⟨

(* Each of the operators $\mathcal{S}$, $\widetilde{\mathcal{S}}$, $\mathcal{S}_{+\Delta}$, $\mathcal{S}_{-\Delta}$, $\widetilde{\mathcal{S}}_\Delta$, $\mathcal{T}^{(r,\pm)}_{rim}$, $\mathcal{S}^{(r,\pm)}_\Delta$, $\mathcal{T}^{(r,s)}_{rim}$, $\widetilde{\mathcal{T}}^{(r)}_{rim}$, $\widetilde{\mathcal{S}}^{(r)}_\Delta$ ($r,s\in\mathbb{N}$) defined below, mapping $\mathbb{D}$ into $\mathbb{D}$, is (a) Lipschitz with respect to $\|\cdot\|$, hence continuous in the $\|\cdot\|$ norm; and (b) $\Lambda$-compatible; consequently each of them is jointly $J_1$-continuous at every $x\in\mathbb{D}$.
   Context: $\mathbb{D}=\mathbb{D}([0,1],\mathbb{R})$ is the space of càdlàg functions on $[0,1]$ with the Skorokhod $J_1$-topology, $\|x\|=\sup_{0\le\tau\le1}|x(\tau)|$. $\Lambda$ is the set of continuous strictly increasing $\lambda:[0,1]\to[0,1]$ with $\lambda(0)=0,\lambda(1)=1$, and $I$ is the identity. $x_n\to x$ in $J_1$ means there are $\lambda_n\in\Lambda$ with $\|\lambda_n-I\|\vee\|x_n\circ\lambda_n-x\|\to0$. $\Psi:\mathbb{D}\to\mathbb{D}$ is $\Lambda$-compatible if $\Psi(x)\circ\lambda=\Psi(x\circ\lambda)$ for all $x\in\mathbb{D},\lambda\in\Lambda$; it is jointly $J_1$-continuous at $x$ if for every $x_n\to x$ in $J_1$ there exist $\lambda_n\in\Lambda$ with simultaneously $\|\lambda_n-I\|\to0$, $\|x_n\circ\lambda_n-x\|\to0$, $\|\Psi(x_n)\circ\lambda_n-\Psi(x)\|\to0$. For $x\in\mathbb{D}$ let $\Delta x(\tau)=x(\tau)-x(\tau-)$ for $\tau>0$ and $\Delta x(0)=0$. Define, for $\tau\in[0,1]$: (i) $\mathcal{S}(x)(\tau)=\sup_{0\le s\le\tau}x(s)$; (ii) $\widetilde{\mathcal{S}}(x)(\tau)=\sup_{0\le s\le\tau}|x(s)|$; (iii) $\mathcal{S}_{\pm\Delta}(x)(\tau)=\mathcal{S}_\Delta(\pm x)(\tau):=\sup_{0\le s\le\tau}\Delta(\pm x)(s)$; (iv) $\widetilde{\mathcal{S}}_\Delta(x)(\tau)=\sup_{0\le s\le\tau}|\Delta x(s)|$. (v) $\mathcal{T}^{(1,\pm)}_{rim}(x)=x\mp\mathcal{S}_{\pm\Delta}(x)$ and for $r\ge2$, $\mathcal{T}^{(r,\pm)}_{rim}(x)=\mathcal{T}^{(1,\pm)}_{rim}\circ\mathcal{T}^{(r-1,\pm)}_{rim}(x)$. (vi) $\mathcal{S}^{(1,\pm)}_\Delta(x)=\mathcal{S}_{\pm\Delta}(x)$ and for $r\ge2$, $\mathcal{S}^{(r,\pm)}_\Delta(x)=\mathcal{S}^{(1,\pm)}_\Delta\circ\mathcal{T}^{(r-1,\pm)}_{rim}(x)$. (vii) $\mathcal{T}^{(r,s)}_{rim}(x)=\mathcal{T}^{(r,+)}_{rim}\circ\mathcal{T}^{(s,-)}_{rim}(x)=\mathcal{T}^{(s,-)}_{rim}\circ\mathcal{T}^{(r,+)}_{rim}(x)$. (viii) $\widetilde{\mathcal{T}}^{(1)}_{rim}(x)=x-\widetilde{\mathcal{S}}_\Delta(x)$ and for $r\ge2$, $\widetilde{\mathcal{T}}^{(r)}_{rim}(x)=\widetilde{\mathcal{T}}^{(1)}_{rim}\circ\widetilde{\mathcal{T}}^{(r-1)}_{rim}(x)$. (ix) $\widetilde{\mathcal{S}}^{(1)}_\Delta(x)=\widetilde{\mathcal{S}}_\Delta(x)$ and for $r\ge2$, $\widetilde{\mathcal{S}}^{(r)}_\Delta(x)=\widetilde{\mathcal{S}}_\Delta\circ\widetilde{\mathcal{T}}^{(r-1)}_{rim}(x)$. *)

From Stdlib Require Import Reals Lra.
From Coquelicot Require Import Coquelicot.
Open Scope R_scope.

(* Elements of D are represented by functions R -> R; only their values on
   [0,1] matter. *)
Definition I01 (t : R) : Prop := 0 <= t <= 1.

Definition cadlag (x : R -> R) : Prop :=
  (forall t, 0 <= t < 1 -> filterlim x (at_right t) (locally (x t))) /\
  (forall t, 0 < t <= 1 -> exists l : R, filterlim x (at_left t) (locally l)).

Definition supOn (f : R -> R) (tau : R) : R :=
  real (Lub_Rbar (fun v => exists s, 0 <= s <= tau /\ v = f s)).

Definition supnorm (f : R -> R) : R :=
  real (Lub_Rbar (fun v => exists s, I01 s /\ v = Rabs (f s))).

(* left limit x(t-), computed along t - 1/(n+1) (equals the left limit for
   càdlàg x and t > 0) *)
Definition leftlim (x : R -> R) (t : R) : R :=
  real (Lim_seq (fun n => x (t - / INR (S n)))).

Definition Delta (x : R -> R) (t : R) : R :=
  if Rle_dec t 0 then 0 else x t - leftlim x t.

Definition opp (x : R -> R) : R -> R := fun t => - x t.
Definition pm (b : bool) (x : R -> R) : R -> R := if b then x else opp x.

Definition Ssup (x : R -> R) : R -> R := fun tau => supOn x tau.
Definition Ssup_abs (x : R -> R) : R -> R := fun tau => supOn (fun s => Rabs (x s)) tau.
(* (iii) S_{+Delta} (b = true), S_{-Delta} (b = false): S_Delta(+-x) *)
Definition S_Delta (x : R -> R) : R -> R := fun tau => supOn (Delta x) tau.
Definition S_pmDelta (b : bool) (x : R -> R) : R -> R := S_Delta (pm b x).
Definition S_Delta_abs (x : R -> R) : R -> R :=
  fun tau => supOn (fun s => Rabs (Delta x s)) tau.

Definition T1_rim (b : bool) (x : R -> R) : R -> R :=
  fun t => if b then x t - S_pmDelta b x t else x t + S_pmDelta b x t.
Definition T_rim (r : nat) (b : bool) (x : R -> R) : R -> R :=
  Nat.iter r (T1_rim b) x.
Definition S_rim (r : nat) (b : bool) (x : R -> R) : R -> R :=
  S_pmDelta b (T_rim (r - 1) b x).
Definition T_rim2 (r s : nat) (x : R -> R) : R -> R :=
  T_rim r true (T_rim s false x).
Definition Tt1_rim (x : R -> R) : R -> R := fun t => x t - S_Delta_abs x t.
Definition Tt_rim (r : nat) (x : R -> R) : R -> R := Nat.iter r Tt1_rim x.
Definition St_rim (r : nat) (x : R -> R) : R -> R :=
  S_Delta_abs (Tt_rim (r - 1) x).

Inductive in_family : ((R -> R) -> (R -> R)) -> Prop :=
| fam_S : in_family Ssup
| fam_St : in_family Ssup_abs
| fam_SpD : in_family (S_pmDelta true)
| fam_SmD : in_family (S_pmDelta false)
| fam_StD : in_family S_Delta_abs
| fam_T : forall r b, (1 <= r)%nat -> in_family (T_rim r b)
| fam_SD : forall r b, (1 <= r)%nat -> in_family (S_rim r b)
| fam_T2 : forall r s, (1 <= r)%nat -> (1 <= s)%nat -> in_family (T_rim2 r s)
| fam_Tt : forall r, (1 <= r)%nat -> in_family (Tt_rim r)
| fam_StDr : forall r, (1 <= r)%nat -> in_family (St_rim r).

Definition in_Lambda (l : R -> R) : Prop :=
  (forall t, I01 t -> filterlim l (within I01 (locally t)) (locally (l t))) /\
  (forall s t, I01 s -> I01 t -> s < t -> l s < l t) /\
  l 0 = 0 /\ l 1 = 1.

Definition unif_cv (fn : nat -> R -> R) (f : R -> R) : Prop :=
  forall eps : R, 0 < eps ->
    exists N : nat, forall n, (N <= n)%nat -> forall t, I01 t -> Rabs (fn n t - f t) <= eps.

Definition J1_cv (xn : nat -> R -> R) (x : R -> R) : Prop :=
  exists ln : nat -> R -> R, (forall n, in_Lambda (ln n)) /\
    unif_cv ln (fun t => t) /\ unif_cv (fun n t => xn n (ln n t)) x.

⟩

## Problem requirements
Using the records above, set down exactly the lines from the one with "Definition I01 (t : R) : Prop := 0 <= t <= 1." through the one with "(forall t, 0 < t", inclusive, and nothing more.

## Solved exercise
Definition I01 (t : R) : Prop := 0 <= t <= 1.

Definition cadlag (x : R -> R) : Prop :=
  (forall t, 0 <= t < 1 -> filterlim x (at_right t) (locally (x t))) /\
  (forall t, 0 < t <= 1 -> exists l : R, filterlim x (at_left t) (locally l)).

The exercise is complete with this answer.